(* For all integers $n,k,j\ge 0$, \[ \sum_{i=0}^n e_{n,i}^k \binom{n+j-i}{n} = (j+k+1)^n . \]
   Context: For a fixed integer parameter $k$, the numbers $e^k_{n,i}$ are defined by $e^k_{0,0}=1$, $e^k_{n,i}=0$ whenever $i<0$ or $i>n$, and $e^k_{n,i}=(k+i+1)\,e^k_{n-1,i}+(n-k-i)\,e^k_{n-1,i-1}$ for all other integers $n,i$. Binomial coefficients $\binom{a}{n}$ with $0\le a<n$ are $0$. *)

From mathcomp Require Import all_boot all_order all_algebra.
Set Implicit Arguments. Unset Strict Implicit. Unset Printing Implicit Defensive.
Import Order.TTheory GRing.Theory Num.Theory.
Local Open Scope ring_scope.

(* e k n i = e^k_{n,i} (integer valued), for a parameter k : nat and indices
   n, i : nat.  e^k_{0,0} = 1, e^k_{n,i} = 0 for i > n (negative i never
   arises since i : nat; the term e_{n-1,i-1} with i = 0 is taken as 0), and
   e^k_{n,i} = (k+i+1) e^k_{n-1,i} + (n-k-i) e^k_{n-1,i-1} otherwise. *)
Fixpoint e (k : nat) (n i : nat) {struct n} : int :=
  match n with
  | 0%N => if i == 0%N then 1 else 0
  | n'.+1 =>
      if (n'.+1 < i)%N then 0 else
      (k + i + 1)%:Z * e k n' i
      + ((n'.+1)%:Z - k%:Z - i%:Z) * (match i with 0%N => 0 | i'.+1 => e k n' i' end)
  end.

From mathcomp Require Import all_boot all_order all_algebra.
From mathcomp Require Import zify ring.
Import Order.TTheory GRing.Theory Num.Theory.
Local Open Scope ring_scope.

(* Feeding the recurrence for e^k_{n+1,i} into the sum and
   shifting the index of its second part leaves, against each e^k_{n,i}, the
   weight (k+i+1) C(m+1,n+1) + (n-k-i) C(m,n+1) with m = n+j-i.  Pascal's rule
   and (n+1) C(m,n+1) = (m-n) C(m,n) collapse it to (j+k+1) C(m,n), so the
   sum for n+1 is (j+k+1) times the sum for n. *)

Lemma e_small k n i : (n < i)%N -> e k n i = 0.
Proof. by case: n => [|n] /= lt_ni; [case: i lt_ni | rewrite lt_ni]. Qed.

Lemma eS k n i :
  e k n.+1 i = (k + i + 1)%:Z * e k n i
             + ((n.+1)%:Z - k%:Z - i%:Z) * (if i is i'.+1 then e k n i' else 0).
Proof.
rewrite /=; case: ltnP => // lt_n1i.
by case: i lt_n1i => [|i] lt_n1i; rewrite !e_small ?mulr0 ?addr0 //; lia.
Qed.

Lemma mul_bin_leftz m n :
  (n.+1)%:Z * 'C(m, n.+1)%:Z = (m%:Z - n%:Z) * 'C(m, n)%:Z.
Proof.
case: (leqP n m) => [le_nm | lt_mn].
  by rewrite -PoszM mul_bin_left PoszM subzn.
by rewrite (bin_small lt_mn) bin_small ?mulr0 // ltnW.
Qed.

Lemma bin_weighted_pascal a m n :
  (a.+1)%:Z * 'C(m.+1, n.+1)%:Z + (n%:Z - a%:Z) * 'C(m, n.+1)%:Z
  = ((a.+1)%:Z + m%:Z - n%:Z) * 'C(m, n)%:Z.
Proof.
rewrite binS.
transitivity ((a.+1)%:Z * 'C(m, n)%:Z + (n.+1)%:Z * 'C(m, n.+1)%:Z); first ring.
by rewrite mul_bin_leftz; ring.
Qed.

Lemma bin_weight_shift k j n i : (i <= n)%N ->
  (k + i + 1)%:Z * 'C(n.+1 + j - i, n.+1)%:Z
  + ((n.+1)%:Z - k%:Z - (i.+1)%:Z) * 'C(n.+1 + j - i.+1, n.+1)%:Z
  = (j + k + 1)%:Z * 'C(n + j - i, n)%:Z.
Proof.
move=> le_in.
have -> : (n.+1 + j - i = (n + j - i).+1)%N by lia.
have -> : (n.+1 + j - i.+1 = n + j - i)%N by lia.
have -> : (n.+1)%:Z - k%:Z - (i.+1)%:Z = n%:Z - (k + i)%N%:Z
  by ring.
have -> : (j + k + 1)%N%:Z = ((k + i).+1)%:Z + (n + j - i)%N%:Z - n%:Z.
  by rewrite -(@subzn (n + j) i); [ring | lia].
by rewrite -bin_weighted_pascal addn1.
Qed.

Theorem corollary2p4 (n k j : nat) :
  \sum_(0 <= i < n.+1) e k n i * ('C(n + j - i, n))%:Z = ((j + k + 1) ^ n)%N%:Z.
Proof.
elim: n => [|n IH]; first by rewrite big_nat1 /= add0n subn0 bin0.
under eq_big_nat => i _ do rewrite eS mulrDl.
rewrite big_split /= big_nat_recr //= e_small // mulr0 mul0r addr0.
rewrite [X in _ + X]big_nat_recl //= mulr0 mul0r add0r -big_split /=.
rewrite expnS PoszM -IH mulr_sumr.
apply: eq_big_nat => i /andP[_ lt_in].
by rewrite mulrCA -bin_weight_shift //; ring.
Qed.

● ● ● ●

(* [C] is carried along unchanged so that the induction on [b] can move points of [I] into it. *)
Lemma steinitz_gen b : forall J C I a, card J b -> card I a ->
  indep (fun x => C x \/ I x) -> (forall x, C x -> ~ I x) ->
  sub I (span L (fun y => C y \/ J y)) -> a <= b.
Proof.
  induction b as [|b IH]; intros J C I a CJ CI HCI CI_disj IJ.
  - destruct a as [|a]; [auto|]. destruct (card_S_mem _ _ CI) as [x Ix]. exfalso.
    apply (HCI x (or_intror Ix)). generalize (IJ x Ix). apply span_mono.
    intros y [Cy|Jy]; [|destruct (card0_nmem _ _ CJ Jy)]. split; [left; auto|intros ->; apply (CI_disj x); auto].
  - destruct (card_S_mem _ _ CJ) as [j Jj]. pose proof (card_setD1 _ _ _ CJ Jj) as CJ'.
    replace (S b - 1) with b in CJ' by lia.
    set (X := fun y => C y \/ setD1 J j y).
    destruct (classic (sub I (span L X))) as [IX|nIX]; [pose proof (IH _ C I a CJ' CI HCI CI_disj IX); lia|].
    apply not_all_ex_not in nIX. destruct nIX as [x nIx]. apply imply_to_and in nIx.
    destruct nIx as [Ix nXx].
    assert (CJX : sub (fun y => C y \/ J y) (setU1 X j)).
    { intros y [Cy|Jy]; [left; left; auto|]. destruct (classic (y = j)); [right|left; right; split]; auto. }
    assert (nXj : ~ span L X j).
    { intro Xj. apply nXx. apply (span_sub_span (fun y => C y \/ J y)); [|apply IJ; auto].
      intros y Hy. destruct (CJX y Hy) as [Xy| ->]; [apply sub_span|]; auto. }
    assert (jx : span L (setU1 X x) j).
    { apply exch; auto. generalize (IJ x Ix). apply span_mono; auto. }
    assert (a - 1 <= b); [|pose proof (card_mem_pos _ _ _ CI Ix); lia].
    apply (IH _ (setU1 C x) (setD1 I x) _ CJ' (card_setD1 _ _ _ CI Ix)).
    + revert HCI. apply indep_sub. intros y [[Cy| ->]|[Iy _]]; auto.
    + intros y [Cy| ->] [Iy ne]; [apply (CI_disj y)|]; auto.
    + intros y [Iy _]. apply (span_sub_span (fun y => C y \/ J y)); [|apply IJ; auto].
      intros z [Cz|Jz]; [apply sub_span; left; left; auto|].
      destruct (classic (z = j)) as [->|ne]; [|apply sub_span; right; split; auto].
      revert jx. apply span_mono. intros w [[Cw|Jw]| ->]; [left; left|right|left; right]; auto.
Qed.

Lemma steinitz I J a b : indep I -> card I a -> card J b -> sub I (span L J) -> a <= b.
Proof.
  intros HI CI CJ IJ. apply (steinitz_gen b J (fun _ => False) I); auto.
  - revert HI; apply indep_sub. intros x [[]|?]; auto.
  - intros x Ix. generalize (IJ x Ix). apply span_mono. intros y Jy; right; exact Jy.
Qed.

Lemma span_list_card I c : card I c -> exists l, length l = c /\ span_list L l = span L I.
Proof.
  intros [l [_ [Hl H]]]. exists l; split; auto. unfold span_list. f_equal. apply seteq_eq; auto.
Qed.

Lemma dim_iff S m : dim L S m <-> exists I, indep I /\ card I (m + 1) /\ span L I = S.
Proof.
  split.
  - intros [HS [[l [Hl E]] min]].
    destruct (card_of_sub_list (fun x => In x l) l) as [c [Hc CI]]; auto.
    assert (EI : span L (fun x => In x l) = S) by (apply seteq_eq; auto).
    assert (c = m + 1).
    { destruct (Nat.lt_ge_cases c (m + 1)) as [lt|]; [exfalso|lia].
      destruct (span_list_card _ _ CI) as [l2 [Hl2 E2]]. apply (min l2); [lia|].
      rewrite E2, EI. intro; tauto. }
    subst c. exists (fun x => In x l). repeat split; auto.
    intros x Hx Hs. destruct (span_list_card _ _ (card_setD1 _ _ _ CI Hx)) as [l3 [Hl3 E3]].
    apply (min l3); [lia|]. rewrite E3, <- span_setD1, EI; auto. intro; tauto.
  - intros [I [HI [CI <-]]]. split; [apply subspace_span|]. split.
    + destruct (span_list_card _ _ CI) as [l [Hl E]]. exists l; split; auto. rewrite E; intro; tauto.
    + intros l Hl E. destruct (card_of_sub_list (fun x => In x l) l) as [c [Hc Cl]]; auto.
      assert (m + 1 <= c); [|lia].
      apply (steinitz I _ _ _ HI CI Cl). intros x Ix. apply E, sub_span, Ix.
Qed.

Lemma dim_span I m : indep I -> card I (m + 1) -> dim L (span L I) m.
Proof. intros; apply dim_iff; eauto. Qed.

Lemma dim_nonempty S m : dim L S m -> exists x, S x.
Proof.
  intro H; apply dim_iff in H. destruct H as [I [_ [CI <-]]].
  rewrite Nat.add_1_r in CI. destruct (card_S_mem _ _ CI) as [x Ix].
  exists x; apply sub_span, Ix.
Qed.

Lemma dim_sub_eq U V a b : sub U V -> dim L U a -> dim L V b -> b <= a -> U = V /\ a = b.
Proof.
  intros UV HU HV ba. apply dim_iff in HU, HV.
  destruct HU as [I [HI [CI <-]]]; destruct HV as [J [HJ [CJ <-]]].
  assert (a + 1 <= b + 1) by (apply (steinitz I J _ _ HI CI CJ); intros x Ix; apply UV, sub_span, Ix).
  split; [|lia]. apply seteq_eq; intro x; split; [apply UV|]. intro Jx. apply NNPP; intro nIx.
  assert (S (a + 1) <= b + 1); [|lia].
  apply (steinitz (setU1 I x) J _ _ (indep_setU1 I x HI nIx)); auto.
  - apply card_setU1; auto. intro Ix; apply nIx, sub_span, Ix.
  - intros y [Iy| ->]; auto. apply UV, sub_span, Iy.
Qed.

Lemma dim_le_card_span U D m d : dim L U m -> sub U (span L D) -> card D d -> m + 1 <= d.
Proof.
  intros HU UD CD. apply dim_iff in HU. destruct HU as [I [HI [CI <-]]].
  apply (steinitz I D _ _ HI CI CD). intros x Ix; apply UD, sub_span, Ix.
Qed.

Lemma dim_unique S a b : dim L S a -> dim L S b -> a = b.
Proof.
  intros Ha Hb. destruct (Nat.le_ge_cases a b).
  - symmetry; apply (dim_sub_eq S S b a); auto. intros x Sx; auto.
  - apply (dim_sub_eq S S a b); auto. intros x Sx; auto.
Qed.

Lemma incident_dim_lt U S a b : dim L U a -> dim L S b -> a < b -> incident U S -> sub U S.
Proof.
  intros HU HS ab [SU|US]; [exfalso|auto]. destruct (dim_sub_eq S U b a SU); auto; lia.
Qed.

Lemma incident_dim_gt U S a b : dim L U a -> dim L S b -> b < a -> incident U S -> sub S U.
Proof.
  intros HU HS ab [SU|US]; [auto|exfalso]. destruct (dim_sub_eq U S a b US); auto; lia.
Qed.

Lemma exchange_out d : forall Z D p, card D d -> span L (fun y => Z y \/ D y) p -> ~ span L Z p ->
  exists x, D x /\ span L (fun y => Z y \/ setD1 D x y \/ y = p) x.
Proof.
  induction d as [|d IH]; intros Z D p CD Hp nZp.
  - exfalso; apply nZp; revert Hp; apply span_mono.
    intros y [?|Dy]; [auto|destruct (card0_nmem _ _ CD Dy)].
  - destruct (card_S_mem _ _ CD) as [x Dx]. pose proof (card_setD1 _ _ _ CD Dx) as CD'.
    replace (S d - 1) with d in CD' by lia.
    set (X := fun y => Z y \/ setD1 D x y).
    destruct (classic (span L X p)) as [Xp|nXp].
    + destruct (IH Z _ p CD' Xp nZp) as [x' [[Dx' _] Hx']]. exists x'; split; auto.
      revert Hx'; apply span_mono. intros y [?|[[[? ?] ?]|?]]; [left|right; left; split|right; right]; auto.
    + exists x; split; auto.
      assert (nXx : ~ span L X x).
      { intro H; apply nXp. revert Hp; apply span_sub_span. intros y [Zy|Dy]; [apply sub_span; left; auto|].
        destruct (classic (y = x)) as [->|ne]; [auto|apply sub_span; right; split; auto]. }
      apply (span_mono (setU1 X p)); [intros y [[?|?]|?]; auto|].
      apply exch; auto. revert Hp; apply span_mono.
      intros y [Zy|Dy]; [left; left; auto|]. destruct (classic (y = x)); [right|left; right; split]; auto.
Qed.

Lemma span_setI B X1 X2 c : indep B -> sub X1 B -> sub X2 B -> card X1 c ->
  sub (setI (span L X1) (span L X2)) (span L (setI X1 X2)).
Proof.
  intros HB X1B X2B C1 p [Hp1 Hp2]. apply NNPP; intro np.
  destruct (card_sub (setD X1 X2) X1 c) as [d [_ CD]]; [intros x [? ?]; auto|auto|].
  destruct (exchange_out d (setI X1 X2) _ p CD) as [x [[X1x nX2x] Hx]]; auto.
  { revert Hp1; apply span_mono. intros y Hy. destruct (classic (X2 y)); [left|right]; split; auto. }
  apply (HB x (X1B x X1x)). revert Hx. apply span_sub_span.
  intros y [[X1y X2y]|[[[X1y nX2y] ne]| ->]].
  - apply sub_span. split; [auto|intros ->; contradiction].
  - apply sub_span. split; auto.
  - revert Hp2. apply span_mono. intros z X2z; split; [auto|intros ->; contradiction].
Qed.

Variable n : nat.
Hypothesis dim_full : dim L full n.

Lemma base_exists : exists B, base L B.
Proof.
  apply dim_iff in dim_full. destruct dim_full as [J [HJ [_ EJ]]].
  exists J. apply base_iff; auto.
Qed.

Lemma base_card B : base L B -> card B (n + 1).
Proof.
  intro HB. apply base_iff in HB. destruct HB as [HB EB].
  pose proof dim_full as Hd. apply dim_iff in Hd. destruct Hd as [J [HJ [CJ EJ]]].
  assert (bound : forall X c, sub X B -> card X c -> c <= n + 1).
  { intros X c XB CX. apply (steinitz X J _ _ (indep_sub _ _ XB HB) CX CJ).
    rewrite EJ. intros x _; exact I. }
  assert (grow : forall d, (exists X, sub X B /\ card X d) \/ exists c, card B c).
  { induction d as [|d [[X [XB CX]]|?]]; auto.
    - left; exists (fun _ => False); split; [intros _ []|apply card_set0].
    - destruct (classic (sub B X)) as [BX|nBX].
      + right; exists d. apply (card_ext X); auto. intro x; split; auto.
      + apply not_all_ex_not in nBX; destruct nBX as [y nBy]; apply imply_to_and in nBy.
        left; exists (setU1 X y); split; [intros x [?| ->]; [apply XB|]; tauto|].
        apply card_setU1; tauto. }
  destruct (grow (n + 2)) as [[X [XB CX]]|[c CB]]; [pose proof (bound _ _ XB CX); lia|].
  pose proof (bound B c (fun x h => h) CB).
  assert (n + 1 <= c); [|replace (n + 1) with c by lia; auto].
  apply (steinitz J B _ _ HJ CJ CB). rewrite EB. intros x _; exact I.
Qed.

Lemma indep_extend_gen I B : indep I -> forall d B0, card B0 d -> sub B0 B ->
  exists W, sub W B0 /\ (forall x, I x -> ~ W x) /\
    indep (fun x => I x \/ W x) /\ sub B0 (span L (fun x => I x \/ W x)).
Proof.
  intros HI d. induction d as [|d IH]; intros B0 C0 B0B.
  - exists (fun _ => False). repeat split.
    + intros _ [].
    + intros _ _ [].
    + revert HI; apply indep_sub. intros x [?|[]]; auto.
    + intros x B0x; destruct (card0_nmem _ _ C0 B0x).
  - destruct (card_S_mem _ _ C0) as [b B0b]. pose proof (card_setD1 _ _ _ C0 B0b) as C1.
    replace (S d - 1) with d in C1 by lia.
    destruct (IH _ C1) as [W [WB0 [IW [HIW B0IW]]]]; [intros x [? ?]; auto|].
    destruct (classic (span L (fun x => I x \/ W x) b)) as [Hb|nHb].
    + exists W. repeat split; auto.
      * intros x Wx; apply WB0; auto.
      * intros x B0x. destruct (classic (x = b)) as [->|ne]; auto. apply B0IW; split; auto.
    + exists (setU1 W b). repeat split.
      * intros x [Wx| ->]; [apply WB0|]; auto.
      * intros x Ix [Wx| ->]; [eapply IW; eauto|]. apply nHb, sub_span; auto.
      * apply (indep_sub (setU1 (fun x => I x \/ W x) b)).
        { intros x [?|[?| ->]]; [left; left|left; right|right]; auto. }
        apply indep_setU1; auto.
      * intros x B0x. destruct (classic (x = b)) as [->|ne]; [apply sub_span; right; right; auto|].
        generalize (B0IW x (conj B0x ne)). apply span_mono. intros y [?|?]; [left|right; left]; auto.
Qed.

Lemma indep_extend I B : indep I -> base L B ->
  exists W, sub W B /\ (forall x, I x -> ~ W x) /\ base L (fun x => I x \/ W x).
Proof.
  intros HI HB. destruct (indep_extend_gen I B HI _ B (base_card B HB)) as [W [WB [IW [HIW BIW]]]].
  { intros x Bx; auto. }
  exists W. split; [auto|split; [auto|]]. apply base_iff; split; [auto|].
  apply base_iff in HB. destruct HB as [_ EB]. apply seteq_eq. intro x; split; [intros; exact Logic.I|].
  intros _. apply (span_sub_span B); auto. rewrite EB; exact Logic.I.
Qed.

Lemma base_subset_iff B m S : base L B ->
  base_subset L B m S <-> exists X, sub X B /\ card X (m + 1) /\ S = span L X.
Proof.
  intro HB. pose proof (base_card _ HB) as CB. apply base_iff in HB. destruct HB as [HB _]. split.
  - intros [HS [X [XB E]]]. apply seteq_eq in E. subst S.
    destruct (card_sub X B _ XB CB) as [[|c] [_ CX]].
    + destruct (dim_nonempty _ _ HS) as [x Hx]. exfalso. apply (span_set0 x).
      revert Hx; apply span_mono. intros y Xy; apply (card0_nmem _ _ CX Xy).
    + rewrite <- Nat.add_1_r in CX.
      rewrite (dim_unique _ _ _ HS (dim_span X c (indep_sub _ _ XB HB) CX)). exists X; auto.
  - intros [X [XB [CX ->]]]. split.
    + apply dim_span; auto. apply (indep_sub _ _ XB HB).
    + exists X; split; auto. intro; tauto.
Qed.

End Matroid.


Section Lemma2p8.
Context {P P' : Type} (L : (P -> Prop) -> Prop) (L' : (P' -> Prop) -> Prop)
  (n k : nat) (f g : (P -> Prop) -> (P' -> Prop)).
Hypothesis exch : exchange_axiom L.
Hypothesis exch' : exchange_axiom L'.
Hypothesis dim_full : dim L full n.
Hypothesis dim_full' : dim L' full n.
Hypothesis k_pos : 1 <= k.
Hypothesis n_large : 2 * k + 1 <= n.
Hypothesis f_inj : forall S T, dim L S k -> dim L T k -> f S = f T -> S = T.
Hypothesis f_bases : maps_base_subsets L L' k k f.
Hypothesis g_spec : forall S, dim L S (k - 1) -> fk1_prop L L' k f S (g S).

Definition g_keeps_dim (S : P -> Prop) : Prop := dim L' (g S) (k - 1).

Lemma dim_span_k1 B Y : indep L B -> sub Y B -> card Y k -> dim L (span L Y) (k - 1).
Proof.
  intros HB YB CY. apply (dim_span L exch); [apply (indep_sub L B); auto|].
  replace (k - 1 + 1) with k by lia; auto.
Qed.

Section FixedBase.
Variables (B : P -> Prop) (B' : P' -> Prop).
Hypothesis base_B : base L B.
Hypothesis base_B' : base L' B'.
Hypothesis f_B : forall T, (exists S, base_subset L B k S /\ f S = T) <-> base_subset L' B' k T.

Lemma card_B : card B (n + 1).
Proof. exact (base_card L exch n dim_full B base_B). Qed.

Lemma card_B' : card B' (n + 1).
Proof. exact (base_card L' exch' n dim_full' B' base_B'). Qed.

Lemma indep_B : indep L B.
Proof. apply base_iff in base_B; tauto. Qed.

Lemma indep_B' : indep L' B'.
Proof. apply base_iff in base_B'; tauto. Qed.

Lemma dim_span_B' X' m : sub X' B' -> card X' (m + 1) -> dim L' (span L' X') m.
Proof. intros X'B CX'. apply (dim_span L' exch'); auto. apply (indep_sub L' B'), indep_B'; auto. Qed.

● ● ● ●

__Activity__: Filter the data above, keeping only lines that include the string "revert".

__Response for this exercise__:
    + revert HCI. apply indep_sub. intros y [[Cy| ->]|[Iy _]]; auto.
      revert jx. apply span_mono. intros w [[Cw|Jw]| ->]; [left; left|right|left; right]; auto.
  - revert HI; apply indep_sub. intros x [[]|?]; auto.
  - exfalso; apply nZp; revert Hp; apply span_mono.
      revert Hx'; apply span_mono. intros y [?|[[[? ?] ?]|?]]; [left|right; left; split|right; right]; auto.
      { intro H; apply nXp. revert Hp; apply span_sub_span. intros y [Zy|Dy]; [apply sub_span; left; auto|].
      apply exch; auto. revert Hp; apply span_mono.
  { revert Hp1; apply span_mono. intros y Hy. destruct (classic (X2 y)); [left|right]; split; auto. }
  apply (HB x (X1B x X1x)). revert Hx. apply span_sub_span.
  - revert Hp2. apply span_mono. intros z X2z; split; [auto|intros ->; contradiction].
    + revert HI; apply indep_sub. intros x [?|[]]; auto.
      revert Hx; apply span_mono. intros y Xy; apply (card0_nmem _ _ CX Xy).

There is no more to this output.